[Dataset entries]

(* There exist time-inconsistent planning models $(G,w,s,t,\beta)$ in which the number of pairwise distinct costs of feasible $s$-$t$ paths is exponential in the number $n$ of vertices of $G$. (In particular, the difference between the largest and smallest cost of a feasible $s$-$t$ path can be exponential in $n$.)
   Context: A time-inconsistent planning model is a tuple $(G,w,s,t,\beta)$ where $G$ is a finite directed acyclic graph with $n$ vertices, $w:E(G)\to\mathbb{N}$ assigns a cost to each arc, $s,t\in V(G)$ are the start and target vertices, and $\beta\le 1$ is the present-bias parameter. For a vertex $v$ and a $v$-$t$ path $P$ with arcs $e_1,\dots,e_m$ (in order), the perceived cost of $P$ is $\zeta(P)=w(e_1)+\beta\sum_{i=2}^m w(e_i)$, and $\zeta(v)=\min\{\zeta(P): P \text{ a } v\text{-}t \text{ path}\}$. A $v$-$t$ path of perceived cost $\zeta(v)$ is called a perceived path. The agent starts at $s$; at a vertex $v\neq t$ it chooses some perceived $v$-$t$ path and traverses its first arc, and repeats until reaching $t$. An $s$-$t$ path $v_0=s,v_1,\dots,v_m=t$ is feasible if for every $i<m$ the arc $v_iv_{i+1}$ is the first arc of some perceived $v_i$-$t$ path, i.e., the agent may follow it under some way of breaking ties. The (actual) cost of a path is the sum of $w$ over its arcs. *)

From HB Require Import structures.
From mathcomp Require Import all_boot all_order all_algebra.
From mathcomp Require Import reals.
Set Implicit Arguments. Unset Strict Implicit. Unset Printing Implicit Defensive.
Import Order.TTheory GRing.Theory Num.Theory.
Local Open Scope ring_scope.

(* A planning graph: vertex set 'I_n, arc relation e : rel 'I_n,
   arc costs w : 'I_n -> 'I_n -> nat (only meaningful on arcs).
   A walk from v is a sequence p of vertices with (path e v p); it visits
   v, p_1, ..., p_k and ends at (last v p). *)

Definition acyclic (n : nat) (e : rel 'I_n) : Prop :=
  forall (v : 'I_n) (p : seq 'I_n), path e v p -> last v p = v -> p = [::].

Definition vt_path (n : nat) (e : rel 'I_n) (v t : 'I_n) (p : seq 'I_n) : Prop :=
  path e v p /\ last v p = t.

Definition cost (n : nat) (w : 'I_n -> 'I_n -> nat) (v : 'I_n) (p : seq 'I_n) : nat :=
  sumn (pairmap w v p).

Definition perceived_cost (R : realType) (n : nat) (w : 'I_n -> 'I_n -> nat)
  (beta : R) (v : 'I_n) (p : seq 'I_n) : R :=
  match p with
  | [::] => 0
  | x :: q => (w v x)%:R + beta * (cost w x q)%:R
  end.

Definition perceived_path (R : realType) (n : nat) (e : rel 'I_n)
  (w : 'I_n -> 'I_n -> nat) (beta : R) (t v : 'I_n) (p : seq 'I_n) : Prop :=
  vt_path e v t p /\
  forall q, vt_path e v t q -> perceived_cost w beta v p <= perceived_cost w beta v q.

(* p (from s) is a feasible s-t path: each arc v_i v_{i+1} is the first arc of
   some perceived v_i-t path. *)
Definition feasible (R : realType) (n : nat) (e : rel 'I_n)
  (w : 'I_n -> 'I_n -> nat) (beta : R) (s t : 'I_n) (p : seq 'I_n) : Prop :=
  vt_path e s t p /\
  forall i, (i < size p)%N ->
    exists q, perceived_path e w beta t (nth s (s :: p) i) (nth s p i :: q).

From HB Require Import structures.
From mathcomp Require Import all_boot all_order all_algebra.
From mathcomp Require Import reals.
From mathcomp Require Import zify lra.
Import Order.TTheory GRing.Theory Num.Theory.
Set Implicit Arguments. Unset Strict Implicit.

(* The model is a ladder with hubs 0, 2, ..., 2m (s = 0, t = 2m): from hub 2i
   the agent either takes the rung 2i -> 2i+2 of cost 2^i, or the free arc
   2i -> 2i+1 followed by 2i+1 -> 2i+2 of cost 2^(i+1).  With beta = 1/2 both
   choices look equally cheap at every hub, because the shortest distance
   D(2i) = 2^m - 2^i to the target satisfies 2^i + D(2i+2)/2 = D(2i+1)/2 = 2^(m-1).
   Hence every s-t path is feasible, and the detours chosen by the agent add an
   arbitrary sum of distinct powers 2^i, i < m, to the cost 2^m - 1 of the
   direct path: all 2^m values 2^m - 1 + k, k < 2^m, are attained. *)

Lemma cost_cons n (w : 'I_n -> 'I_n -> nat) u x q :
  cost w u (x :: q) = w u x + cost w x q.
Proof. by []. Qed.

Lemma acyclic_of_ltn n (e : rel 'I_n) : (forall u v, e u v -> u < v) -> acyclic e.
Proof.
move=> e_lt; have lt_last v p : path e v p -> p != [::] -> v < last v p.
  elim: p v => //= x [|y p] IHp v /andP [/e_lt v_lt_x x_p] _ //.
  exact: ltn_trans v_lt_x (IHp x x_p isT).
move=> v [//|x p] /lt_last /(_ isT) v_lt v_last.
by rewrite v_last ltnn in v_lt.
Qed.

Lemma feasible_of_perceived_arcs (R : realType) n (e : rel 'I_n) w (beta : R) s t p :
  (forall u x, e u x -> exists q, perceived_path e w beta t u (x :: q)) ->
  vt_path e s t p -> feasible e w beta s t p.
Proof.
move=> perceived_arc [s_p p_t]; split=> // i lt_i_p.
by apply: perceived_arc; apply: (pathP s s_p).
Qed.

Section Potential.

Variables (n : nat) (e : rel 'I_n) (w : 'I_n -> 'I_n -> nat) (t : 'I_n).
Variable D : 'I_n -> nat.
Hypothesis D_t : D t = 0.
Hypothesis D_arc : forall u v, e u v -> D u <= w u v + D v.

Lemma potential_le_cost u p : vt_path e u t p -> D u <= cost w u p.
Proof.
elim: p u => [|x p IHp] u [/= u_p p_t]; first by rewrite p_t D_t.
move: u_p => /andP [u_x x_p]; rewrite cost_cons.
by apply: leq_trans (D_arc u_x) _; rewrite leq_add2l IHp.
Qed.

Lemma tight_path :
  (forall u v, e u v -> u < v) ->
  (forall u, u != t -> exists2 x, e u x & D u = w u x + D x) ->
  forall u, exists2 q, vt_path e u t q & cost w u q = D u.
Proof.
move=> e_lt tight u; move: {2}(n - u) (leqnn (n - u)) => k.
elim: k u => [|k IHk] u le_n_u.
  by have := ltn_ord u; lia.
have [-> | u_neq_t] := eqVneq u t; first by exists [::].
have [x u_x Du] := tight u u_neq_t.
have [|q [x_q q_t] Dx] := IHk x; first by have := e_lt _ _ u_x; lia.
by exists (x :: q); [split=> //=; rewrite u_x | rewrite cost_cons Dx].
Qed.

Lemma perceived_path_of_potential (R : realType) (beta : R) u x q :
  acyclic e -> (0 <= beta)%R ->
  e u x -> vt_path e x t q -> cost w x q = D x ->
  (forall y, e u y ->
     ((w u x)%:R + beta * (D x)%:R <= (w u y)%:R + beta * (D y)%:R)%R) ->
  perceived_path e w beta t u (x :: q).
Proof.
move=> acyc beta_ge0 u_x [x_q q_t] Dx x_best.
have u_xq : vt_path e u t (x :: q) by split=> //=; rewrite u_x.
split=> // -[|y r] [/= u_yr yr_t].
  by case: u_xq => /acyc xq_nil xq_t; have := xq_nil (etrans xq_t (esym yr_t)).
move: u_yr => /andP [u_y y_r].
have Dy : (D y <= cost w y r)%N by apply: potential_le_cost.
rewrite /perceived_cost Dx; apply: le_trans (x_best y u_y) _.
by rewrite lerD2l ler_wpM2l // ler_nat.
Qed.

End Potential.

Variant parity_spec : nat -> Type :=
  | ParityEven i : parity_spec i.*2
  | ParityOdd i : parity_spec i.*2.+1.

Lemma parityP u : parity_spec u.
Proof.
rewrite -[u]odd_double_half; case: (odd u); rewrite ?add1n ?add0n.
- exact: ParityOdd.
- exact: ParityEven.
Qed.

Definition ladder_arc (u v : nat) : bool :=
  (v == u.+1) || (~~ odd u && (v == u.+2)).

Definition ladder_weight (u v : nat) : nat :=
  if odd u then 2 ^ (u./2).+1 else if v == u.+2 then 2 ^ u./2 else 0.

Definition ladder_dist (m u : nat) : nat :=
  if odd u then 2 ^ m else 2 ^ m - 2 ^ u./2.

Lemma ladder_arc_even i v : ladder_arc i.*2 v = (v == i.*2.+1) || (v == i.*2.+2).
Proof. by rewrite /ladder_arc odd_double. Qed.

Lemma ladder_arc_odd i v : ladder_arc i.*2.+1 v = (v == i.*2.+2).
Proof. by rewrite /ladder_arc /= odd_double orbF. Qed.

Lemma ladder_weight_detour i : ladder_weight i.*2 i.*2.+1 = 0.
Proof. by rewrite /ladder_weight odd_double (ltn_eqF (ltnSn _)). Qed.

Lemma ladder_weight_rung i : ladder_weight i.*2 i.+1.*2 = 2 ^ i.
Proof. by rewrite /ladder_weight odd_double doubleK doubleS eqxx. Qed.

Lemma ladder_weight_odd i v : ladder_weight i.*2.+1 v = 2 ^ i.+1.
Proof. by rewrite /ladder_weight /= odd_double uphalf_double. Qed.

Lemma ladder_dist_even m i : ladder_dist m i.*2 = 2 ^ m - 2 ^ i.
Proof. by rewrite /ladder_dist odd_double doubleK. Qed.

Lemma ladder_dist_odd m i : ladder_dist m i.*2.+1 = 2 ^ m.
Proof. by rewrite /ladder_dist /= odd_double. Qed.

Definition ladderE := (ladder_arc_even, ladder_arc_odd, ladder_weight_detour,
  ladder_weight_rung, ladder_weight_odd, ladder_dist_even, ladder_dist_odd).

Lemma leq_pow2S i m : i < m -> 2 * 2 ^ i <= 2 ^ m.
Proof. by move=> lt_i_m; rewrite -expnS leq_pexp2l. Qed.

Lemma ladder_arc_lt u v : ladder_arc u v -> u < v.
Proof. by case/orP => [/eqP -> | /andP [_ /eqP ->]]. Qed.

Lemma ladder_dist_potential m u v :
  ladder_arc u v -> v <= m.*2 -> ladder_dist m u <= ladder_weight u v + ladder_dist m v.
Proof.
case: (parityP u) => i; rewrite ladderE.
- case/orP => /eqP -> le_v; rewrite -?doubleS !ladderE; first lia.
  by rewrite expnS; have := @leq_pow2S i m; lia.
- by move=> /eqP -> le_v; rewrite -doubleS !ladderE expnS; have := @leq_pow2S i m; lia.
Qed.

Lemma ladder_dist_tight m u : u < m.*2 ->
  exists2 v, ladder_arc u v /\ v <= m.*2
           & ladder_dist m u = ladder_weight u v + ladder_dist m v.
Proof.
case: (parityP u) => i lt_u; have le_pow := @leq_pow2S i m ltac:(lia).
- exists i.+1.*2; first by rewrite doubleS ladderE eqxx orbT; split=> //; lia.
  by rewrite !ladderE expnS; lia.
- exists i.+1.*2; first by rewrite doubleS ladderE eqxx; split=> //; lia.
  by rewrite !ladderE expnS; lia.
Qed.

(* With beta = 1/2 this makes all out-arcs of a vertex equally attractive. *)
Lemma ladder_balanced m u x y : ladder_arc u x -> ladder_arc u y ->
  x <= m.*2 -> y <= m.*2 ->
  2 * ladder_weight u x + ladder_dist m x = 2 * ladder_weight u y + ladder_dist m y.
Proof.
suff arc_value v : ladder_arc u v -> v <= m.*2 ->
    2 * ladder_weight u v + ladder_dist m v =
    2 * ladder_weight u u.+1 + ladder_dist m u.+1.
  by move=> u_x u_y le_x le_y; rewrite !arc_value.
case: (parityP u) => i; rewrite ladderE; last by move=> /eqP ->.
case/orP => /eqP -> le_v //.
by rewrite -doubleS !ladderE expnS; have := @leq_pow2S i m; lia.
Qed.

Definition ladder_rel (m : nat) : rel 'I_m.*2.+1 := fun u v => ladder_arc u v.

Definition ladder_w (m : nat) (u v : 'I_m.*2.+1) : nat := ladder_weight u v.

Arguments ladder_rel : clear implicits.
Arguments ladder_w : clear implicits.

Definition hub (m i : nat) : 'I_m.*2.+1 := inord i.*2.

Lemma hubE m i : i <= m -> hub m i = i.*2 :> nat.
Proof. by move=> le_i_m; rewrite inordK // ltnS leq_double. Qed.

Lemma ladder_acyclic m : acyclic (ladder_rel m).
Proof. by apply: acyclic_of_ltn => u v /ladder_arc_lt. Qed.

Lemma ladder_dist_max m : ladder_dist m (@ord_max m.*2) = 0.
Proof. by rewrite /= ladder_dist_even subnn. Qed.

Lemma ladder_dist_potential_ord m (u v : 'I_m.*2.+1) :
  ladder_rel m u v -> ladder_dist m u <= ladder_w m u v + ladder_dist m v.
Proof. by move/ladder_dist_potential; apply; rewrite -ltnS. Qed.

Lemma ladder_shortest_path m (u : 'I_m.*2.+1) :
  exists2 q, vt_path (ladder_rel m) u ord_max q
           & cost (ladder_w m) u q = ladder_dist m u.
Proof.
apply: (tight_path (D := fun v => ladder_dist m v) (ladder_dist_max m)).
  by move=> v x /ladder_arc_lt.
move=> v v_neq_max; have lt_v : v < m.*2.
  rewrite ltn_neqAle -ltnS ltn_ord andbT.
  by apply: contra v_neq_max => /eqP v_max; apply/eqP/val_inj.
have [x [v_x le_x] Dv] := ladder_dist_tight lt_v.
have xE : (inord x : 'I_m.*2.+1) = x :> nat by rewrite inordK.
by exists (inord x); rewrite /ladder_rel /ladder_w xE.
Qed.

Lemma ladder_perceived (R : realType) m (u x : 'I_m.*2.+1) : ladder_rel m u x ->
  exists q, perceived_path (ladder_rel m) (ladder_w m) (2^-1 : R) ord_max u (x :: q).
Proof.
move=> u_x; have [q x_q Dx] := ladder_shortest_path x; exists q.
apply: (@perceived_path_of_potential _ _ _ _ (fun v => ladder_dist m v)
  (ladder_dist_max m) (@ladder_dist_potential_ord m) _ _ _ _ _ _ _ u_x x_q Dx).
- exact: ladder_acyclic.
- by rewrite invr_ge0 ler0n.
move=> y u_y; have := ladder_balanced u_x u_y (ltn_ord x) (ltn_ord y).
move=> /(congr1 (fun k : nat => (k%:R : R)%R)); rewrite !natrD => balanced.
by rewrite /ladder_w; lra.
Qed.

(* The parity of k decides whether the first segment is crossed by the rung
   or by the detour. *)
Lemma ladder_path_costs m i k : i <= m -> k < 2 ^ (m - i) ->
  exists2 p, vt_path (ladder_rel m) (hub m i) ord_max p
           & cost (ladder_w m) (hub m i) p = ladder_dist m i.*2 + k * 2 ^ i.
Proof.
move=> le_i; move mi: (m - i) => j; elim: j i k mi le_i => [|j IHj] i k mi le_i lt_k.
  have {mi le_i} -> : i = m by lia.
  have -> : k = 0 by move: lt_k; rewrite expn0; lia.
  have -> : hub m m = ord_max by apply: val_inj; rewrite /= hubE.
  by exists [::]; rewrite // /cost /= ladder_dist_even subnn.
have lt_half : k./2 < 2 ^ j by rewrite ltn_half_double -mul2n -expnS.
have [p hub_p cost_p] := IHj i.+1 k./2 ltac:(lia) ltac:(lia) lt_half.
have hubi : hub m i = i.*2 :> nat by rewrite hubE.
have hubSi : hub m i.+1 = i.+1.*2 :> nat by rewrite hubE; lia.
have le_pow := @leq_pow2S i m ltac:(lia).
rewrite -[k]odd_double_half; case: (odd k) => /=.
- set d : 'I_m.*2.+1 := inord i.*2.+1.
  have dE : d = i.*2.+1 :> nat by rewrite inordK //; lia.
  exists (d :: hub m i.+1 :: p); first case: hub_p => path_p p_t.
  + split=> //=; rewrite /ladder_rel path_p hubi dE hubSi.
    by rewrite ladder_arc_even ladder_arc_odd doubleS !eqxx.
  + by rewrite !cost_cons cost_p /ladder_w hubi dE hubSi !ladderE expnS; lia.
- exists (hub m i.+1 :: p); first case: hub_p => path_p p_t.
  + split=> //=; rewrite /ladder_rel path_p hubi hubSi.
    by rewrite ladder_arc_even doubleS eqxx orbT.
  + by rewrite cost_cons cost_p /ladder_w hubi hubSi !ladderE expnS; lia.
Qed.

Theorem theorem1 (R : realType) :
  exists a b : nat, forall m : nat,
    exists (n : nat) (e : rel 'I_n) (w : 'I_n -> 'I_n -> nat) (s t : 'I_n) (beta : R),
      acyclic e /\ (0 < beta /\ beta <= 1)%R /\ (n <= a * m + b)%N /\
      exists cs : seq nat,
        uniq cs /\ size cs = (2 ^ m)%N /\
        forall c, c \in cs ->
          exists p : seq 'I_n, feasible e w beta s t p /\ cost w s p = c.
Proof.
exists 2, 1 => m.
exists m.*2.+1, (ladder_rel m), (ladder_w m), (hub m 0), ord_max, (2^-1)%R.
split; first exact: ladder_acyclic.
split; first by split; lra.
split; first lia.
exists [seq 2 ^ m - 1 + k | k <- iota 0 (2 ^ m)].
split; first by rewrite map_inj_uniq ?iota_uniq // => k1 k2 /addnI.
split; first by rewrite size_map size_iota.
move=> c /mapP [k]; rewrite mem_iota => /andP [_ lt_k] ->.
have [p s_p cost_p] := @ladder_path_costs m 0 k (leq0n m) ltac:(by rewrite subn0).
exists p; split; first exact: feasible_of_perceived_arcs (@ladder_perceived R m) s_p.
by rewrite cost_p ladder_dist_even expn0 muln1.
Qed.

◆ **Your objective**
Can you repeat, word for word, every line above from the one containing "case: (parityP u) => i; rewrite ladderE." down to the one containing "exists2 v, ladder_arc u v /\ v <= m.*2", including both?

◆ **Response to this task**
case: (parityP u) => i; rewrite ladderE.
- case/orP => /eqP -> le_v; rewrite -?doubleS !ladderE; first lia.
  by rewrite expnS; have := @leq_pow2S i m; lia.
- by move=> /eqP -> le_v; rewrite -doubleS !ladderE expnS; have := @leq_pow2S i m; lia.
Qed.

Lemma ladder_dist_tight m u : u < m.*2 ->
  exists2 v, ladder_arc u v /\ v <= m.*2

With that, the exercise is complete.